Colorectal cancer is the third primary cause of cancer death in the world. The TNM stage is generally known as the major prognostic factor, but it is not precise. 18 Cancer biomarkers are substances or molecules objectively detectable in cells, body fluids or tissues that manifested the existence of cancer or the survival. Therefore, we hope to confirm a biomarker which is most correlated with CRC prognosis.

Despite the gigantic progress in the deconvolution of the immune infiltrate in tumour, 19 the value of TAM‐derived signals for clinical prognosis is far from being comprehended. It is extensively confirmed that the immune system acted as a pivotal part in cancer development and progression, 14 and macrophage closely related to outcomes of disease. 20 , 21 In addition, TAMs are one of the most dynamic immune cells in CRC, which are abundantly associated with the occurrence and development of cancers. 22 , 23 The ratio of M1/M2 macrophages has been considered to define these cells as either pro‐inflammatory or anti‐inflammatory. 24 In specific stages, different subpopulations of TAMs have professional functions, yet they enhance growth with an inflammatory mutagenic environment at the prime period. 25 During the progression phase, the primary function of M2 macrophages arouses angiogenesis, promotes tumour cell migration and invasion and suppresses anti‐tumour immunity. In most solid tumours, high‐density macrophages infiltration has been related to evidently poor prognosis. 11 , 26 , 27 However, studies assessing the remarkableness of prognosis in different subtypes of TAMs infiltration in CRC remain controversial. 28 , 29 , 30

We used IHC and IF to research the TAMs densities of tumour tissues and to confirm the correlation among TAMs, clinicopathological parameters and prognosis. Of the 64 cases, only 10 cases (15.6%) had a high level of CD86 expression. Although the numbers of patients were the limitation, it still illuminated the association between the expression level of CD86 and clinicopathological factors, and CRC prognosis. The research found that low CD86 expression was significantly correlated with clinicopathological characteristics including tumour differentiation or TNM stage, and high CD86 expression was a favourable predictor for RFS and OS. Patients with high CD163 expression were remarkably correlated with clinicopathological characteristics including tumour size or tumour differentiation and high CD163 expression was an adverse predictor for RFS and OS. Furthermore, CD86 protein expression level had a negative correlation with CD163 protein expression in CRC.

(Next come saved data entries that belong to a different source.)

(* Let $\mathcal{G}$ be a compact group with normalized Haar measure and let $g\mapsto V_g$, $g\mapsto\tilde V_g$ be unitary representations of $\mathcal{G}$ on $\mathbb{C}^d$. Let $G=\{\overline{V_g}\otimes\tilde V_g: g\in\mathcal{G}\}$ and $G'=\{X\in\mathcal{M}_{d^2}: [X,Y]=0\ \forall Y\in G\}$. Let $|\Omega\rangle=d^{-1/2}\sum_j|j,j\rangle$, $\mathcal{S}=\{\rho\in\mathcal{M}_{d^2}:\rho\ge0,\ \operatorname{tr}_1\rho=\operatorname{tr}_2\rho=\mathbb{1}/d\}$, $\mathcal{U}=\mathrm{conv}\{(\mathbb{1}\otimes U)|\Omega\rangle\langle\Omega|(\mathbb{1}\otimes U^\dagger): U\text{ unitary}\}$, and $\mathcal{W}=\{W\in\mathcal{M}_{d^2}: W=W^\dagger,\ \operatorname{tr}[W\sigma]\ge0\ \forall\sigma\in\mathcal{U}\}$. Let $\rho\in\mathcal{S}\cap G'$. Then $\rho\in\mathcal{U}$ if and only if $\operatorname{tr}[W\rho]\ge0$ for all $W\in\mathcal{W}\cap G'$. Moreover, $$\inf\{\alpha_p+\alpha_n: \rho=\alpha_p\sigma_p-\alpha_n\sigma_n,\ \alpha_{p,n}\ge0,\ \sigma_{p,n}\in\mathcal{U}\}=\inf\{\alpha_p+\alpha_n: \rho=\alpha_p\sigma_p-\alpha_n\sigma_n,\ \alpha_{p,n}\ge0,\ \sigma_{p,n}\in\mathcal{U}\cap G'\},$$ and the same equality holds with $\alpha_p+\alpha_n$ replaced by $\alpha_n$ in both infima.
   Context: The condition $\rho_T\in G'$ for the Jamiolkowski state $\rho_T=(\mathrm{id}\otimes T)(|\Omega\rangle\langle\Omega|)$ is equivalent to covariance of the channel $T$: $T(V_g\,\cdot\,V_g^\dagger)=\tilde V_gT(\cdot)\tilde V_g^\dagger$ for all $g$. $\overline{V_g}$ denotes the entrywise complex conjugate. *)

From HB Require Import structures.
From mathcomp Require Import all_boot all_order all_algebra.
From mathcomp Require Import spectral.
From mathcomp Require Import complex mxtens.
From mathcomp Require Import all_classical all_reals topology ereal normedtype.
Import numFieldTopology.Exports.
(* With [phi = c] constant the physical metric is the flat metric [g_(r l)].
   Take [W = w d/ds^1] with [d w/ds^1 = c^-q xi N]; such a periodic [w] exists
   because [xi N] has zero mean.  Then [(2N)^-1 L W = c^-q xi sigma^flat], and
   since [sigma^flat = (delta_1 - 1/n) g] and [mu = tau* c^q] the trace-free and
   trace parts of [K] combine into [tau_bar (r l_1)^2 (ds^1)^2].  For a flat
   metric such a tensor solves the constraints: [|K|^2 = (tr K)^2 = tau_bar^2],
   and [div K = d tau_bar] because [tau_bar] depends on [s^1] only. *)

Section Smoothness.
Variables (R : realType) (n : nat).
Local Notation pt := 'rV[R]_n.
Implicit Types (f g : pt -> R) (i : 'I_n).

Lemma pd_line_cst i f x :
  (forall t : R, f (x + t *: ebas R i) = f x) -> pd i f x = 0.
Proof.
move=> f_cst; rewrite /pd -(derive_cst (f x) x (ebas R i)) /derive.
suff -> : (fun h : R => h^-1 *: ((f \o shift x) (h *: ebas R i) - f x)) =
  (fun h => h^-1 *: ((cst (f x) \o shift x) (h *: ebas R i) - cst (f x) x)) by [].
by apply/funext => h /=; rewrite (addrC _ x) f_cst.
Qed.

Lemma pd_cst i (a : R) : pd i (fun _ : pt => a) = fun _ => 0.
Proof. by apply/funext => x; apply: pd_line_cst. Qed.

Lemma pdD i f g : (forall x, differentiable f x) -> (forall x, differentiable g x) ->
  pd i (f \+ g) = pd i f \+ pd i g.
Proof.
move=> df dg; apply/funext => x.
by rewrite /pd (@deriveD _ _ _ f g) //; apply: diff_derivable.
Qed.

Lemma pdM i f g : (forall x, differentiable f x) -> (forall x, differentiable g x) ->
  pd i (f \* g) = (pd i f \* g) \+ (f \* pd i g).
Proof.
move=> df dg; apply/funext => x.
rewrite /pd (@deriveM _ _ f g) //; try exact: diff_derivable.
by rewrite /= /GRing.scale /= addrC mulrC.
Qed.

Lemma pdMl i (a : R) f x : differentiable f x ->
  pd i (fun y => a * f y) x = a * pd i f x.
Proof. by move=> df; rewrite /pd (@deriveZ _ _ _ f) //; exact: diff_derivable. Qed.
(* For every integer $r$ there exists an integer $k=k(r)$ such that the following holds. If $G$ is a graph whose neighborhood complexity satisfies $\eta_G(m)\le r\cdot m$ for every positive integer $m$, then the vertices of $G$ can be (not necessarily properly) colored with $k$ colors such that for every non-isolated vertex $v$ of $G$ there exists a color which appears on an odd number of vertices of the open neighborhood $N(v)$.
   Context: All graphs are finite and simple. $N(v)$ denotes the open neighborhood of $v$ (not containing $v$). The neighborhood complexity of a graph $G$ is the function $\eta_G(m)=\max_{A}|\{N(v)\cap A : v\in V(G)\}|$, where the maximum is over all $m$-element subsets $A\subseteq V(G)$. *)

From mathcomp Require Import all_boot.
Set Implicit Arguments. Unset Strict Implicit. Unset Printing Implicit Defensive.

(* A finite simple graph: vertex type T : finType, adjacency e : rel T,
   assumed symmetric and irreflexive in the theorem statement. *)

Definition nbhd (T : finType) (e : rel T) (v : T) : {set T} := [set u | e v u].

(* Neighborhood complexity eta_G(m) = max over m-element A of
   |{ N(v) ∩ A : v ∈ V(G) }|  (0 if no m-element subset exists). *)
Definition nbhd_complexity (T : finType) (e : rel T) (m : nat) : nat :=
  \max_(A : {set T} | #|A| == m) #|[set (nbhd e v :&: A) | v : T]|.

From mathcomp Require Import all_boot all_algebra zify.
Set Implicit Arguments. Unset Strict Implicit. Unset Printing Implicit Defensive.
Import GRing.Theory.

(* Colours are vectors of (Z/2)^D: it suffices to find labels l with a nonzero
   sum over every non-isolated neighbourhood, since a nonzero sum forces some
   fibre of l inside N(v) to be odd.  Keeping one vertex per neighbourhood, l is
   built by induction on the remaining set U: if the set X of v in U with
   |N(v) ∩ S| odd satisfies 1 <= |X| <= D, label the vertices of U \ X first and
   add a vector a to the labels of S, choosing a outside the <= D sums of X.

   Either two neighbourhood traces on U differ in fewer than
   δ = 16 r^2 (r + 3) vertices, and S is the pair of their centres; or the traces
   form a δ-separated family.  Linear neighbourhood complexity bounds its traces
   on any I by r|I| + 1, hence its VC dimension by r + 3, and Haussler's packing
   argument (one-inclusion graphs have edge density at most the VC dimension,
   plus double counting over (s+1)-subsets of U) gives at most
   8 r (r + 3) |U| / δ + 2 sets.  Since distinct neighbourhoods give |U| <= r
   times the number of traces, |U| <= 4 r, and S = {a} for a neighbour a of a
   vertex of U works. *)

Lemma setD1_id (T : finType) (x : T) (A : {set T}) : x \notin A -> A :\ x = A.
Proof. by move=> xA; apply/setDidPl; rewrite disjoint_sym disjoints1. Qed.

The traditional method of TAMs analysis was based individually on CD68 expression. 29 , 31 , 32 In CRC, little researches implemented double‐IHC staining for analysing different subsets of TAMs, while the multitude used single‐IHC staining against M1 or M2 antigens. 33 , 34 We used 3 markers to identify TAMs; CD68, CD86 and CD163 were performed with pan‐macrophage markers, M1 macrophage markers and M2 macrophage markers respectively. We implemented double‐IHC staining for analysing different subsets of TAMs. Specially, we stained CD68 with green fluorescence and stained CD86 or CD163 with red fluorescence in the tumour tissues by IF co‐localization assay. These are little researches carried out. Previously, some studies found that M2 macrophages (CD163+) were related to poorer OS and DFS/RFS. 12 , 31 Moreover, low existence of CD86+ TAMs and high presence of CD206+ TAMs were outstandingly related with invasive tumour phenotypes and with poorer overall survival (OS) as well as reduced time to recurrence. 35 And high CD163/CD68 ratio was closely associated with aggressive phenotype and poor prognosis in CRC. 34 Viktor H. Koelzer et al suggested that high CD163+ TAMs infiltration predicted lower tumour grade, less lymph node metastasis and better prognosis. 36 The significance of prognosis in M1 like or M2 like of TAMs infiltration in CRC remains controversial. In our study, univariate and multivariate analysis found that expression of CD86 is an independent prognostic factor for RFS and OS and high expression of CD86 TAMs was significantly associated with better RFS and OS. And we also identified expression of CD86 TAMs and expression of CD163 TAMs as a significant prognostic biomarker. However, multivariate analysis found that expression of CD163 TAMs could not significantly predict prognosis. As an improvement, we detected the co‐expression of CD68 and CD163 as the proportion of M2 TAMs in total TAMs. The results showed that co‐expression of CD68 and CD163 TAMs was a better account for the prognostic factor than expression of CD163 TAMs and traditional clinicopathological high‐risk factors. Furthermore, univariate and multivariate analysis found that TNM stage and tumour differentiation are independent prognostic factors for RFS and OS.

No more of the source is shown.